A survey of seven other states reveals the uniqueness of Michigan’s ranking methodology, especially with regard to the way it measures how well schools serve low-scoring students. Other surveyed states measure the achievement gap between traditionally disadvantaged and more advantaged students, instead of measuring the relative size of the achievement gap between the top- and bottom-scoring 30 percent of students as Michigan does. Multiple states measure the academic growth of low-scoring students in each school as an indicator of overall school performance.
Consequences for low-ranking schools are also compared among these states. Michigan mandates particular staffing reforms for low-ranked schools in response to state and federal requirements. These include firing the school principal, replacing a majority of the staff, reopening the school as a charter school or even closing the school.

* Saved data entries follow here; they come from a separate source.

(* For every integer $p\ge 3$, $${\rm gp}(S_p^2)=\begin{cases}\frac{(p+1)^2}{4}, & p\text{ odd},\\ \frac{p(p+2)}{4}, & p\text{ even},\end{cases}\qquad \#{\rm gp}(S_p^2)=\begin{cases}\binom{p}{(p+1)/2}, & p\text{ odd},\\ \binom{p+1}{(p+2)/2}, & p\text{ even}.\end{cases}$$
   Context: For $p\ge3$, $n\ge1$, the Sierpiński graph $S_p^n$ has vertex set $\{0,1,\dots,p-1\}^n$, a vertex written $i_1\cdots i_n$; vertices $i_1\cdots i_n$ and $j_1\cdots j_n$ are adjacent iff there is $h$ with $i_t=j_t$ for $t<h$, $i_h\ne j_h$, and $i_t=j_h$, $j_t=i_h$ for $t>h$. For $X\subseteq V(G)$, vertices $u,v$ are $X$-positionable if every shortest $u,v$-path $P$ satisfies $V(P)\cap X\subseteq\{u,v\}$; $X$ is a general position set if every two vertices of $X$ are $X$-positionable; ${\rm gp}(G)$ is the maximum size of a general position set and $\#{\rm gp}(G)$ the number of general position sets of that size. *)

From mathcomp Require Import all_boot.
Set Implicit Arguments. Unset Strict Implicit. Unset Printing Implicit Defensive.

(* Vertices of the Sierpinski graph S_p^n: words i_1 ... i_n over {0,..,p-1},
   encoded as n-tuples of 'I_p (position h : 'I_n is letter i_{h+1}). *)
Definition sierp_vertex (p n : nat) := (n.-tuple 'I_p)%type.

Definition sierp_adj (p n : nat) : rel (sierp_vertex p n) :=
  fun u v => [exists h : 'I_n,
    [&& [forall t : 'I_n, (t < h) ==> (tnth u t == tnth v t)],
        tnth u h != tnth v h &
        [forall t : 'I_n, (h < t) ==> ((tnth u t == tnth v h) && (tnth v t == tnth u h))]]].

Arguments sierp_adj : clear implicits.

Section GP.
Variables (V : finType) (adj : rel V).

(* A u,v-walk is given as the sequence s of vertices after u: u :: s,
   consecutive vertices adjacent, ending at v. A shortest u,v-path is such a
   walk of minimum length (necessarily a path). *)
Definition shortest_path (u v : V) (s : seq V) : Prop :=
  [/\ path adj u s, last u s = v &
      forall s' : seq V, path adj u s' -> last u s' = v -> size s <= size s'].

Definition positionable (X : {set V}) (u v : V) : Prop :=
  forall s, shortest_path u v s ->
    forall x, x \in u :: s -> x \in X -> x = u \/ x = v.

Definition gp_set (X : {set V}) : Prop :=
  forall u v, u \in X -> v \in X -> u != v -> positionable X u v.

Definition gp_number_is (k : nat) : Prop :=
  (exists X, gp_set X /\ #|X| = k) /\ (forall X, gp_set X -> #|X| <= k).

Definition num_gp_sets_is (k c : nat) : Prop :=
  exists F : {set {set V}},
    (forall X, X \in F <-> gp_set X /\ #|X| = k) /\ #|F| = c.
End GP.

From mathcomp Require Import all_boot zify.
Set Implicit Arguments. Unset Strict Implicit. Unset Printing Implicit Defensive.

(* A general position set X of S_p^2 cannot contain ia, ij and jb with i <> j
   and a <> j: the endpoint ij of the bridge edge ij -- ji between the copies i
   and j lies on a shortest ia,jb-path.  So if C is the set of copies met by X,
   every copy i in C carrying two vertices of X carries only vertices ia with
   a = i or a outside C, whence |X| <= |C| (p + 1 - |C|).  Conversely these sets
   are in general position for every C, because two of their vertices in
   different copies are at distance 3 and any third one is strictly off every
   geodesic.  The bound is maximal exactly for |C| = (p+1)/2 (p odd) or
   |C| in {p/2, p/2 + 1} (p even); there p + 1 - |C| > 1, so every copy of C is
   filled as above and a maximum gp-set is determined by C, which gives the
   count. *)

Section WalkDistance.
Variables (V : finType) (adj : rel V) (d : V -> V -> nat).
Hypothesis d_refl : forall u, d u u = 0.
Hypothesis d_adj : forall u x y, adj x y -> d u y <= (d u x).+1.

Lemma dist_last_le u w s : path adj w s -> d u (last w s) <= d u w + size s.
Proof.
elim: s w => [|x s IH] w /=; first by rewrite addn0.
case/andP => wx xs; apply: leq_trans (IH _ xs) _.
by rewrite addnS -addSn leq_add2r d_adj.
Qed.

Lemma dist_walk_le u s : path adj u s -> d u (last u s) <= size s.
Proof. by move/(dist_last_le u); rewrite d_refl. Qed.

Lemma dist_mid_le u v x s :
  path adj u s -> last u s = v -> x \in s -> d u x + d x v <= size s.
Proof.
move=> + + xs; case/splitPr: xs => s1 s2; rewrite cat_path last_cat size_cat /=.
case/and3P=> us1 s1x xs2 <-.
have le1 : d u x <= (size s1).+1.
  by rewrite -(size_rcons s1 x) -{1}(last_rcons u s1 x) dist_walk_le // rcons_path us1.
by rewrite addnS -addSn leq_add // dist_walk_le.
Qed.

Lemma shortest_path_dist u v s :
  path adj u s -> last u s = v -> size s = d u v -> shortest_path adj u v s.
Proof. by move=> us sv sd; split=> // s' us' s'v; rewrite sd -s'v dist_walk_le. Qed.

(* A third point x of X on a shortest u,v-path would give d u x + d x v <= d u v. *)
Lemma gp_set_strict_triangle (X : {set V}) :
  (forall u v, u \in X -> v \in X -> exists s,
     [/\ path adj u s, last u s = v & size s = d u v]) ->
  (forall u v x, u \in X -> v \in X -> x \in X ->
     u != v -> x != u -> x != v -> d u v < d u x + d x v) ->
  gp_set adj X.
Proof.
move=> walkX strictX u v uX vX uv s [us sv smin] x; rewrite inE.
case: eqP => [-> _ _|/eqP xu /= xs xX]; first by left.
case: (eqVneq x v) => [->|xv]; first by right.
have [s' [us' s'v s'd]] := walkX u v uX vX.
have := dist_mid_le us sv xs; have := smin s' us' s'v.
by have := strictX u v x uX vX xX uv xu xv; lia.
Qed.

End WalkDistance.

Lemma ord2P (t : 'I_2) : t = ord0 \/ t = ord_max.
Proof. by case: t => [[|[|//]] lt_t2]; [left|right]; apply: val_inj. Qed.

Lemma forall_ord2 (P : pred 'I_2) : [forall t, P t] = P ord0 && P ord_max.
Proof.
apply/forallP/andP => [P_all|[P0 P1] t]; first by split; apply: P_all.
by case: (ord2P t) => ->.
Qed.

Lemma exists_ord2 (P : pred 'I_2) : [exists t, P t] = P ord0 || P ord_max.
Proof.
apply/existsP/orP => [[t]|[P0|P1]]; [|by exists ord0|by exists ord_max].
by case: (ord2P t) => -> Pt; [left|right].
Qed.

Section SierpinskiTwo.
Variable p : nat.
Local Notation V := (sierp_vertex p 2).
Local Notation adj := (sierp_adj p 2).

Definition vtx (i a : 'I_p) : V := [tuple i; a].
Definition copy_of (v : V) : 'I_p := tnth v ord0.
Definition inner_of (v : V) : 'I_p := tnth v ord_max.

Lemma copy_of_vtx i a : copy_of (vtx i a) = i. Proof. by []. Qed.
Lemma inner_of_vtx i a : inner_of (vtx i a) = a. Proof. by []. Qed.

Lemma vtx_eta v : v = vtx (copy_of v) (inner_of v).
Proof. by apply: eq_from_tnth => t; case: (ord2P t) => ->. Qed.

Lemma vtxP v : exists i a, v = vtx i a.
Proof. by exists (copy_of v), (inner_of v); apply: vtx_eta. Qed.

Lemma eq_vtx i a j b : (vtx i a == vtx j b) = (i == j) && (a == b).
Proof.
apply/eqP/andP => [E|[/eqP -> /eqP ->]] //.
by rewrite -(copy_of_vtx i a) -(inner_of_vtx i a) E.
Qed.

Lemma vtx_inj i : injective (vtx i).
Proof. by move=> a b /eqP; rewrite eq_vtx eqxx => /eqP. Qed.

Lemma adj_vtx i a j b :
  adj (vtx i a) (vtx j b) = (i == j) && (a != b) || [&& i != j, a == j & b == i].
Proof.
rewrite /sierp_adj exists_ord2 !forall_ord2 /=.
case: (i =P j) => [->|/eqP ij]; case: (a =P j) => [->|/eqP aj];
  case: (b =P i) => [->|/eqP bi]; rewrite ?eqxx ?andbT ?andbF ?orbF //=.
Qed.

(* Between distinct copies i and j every path crosses the bridge edge ij -- ji. *)
Definition sdist (u v : V) : nat :=
  if copy_of u == copy_of v then (inner_of u != inner_of v : nat)
  else (inner_of u != copy_of v) + 1 + (inner_of v != copy_of u).

Definition geodesic (u v : V) : seq V :=
  if copy_of u == copy_of v then (if inner_of u == inner_of v then [::] else [:: v])
  else (if inner_of u == copy_of v then [::] else [:: vtx (copy_of u) (copy_of v)])
       ++ vtx (copy_of v) (copy_of u) :: (if inner_of v == copy_of u then [::] else [:: v]).

Lemma sdist_vtx i a j b :
  sdist (vtx i a) (vtx j b) = if i == j then a != b : nat else (a != j) + 1 + (b != i).
Proof. by []. Qed.

Lemma geodesicP u v :
  [/\ path adj u (geodesic u v), last u (geodesic u v) = v
    & size (geodesic u v) = sdist u v].
Proof.
case: (vtxP u) (vtxP v) => i [a ->] [j [b ->]].
rewrite /geodesic /sdist !copy_of_vtx !inner_of_vtx.
case: (eqVneq i j) => [<-|ij].
  by case: eqVneq => [<-|ab]; split; rewrite //= adj_vtx eqxx ab.
case: (eqVneq a j) => [->|aj]; case: (eqVneq b i) => [->|bi];
  by split; rewrite /= ?adj_vtx ?eqxx ?(eq_sym i b) ?ij ?aj ?bi ?orbT.
Qed.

Other states incorporate more choice-based accountability into their school assessment system by permitting parents to transfer their children out of low-ranked schools and enroll them into higher ranked ones at state expense, including private schools in some cases. This study identifies several similar options that would bring this type of accountability to Michigan: 1) Fund districts that serve students outside their own borders; 2) Provide extra financial support to charter schools opening near low-ranked schools; 3) Remove all geographic barriers to Michigan’s “Schools-of–Choice” program; and 4) Require districts to enroll nonresident students transferring from low-ranked schools, subject to reasonable enrollment limitations.
This study suggests that Michigan should reconsider both the methodology used for the state’s TTB school ranking list and the state-imposed consequences levied on low-ranked schools. It also makes the case that a choice-based accountability system is preferred above any other, as it would allow students to escape schools that are not serving their needs and reduce the risk of penalizing undeservedly low-ranked schools.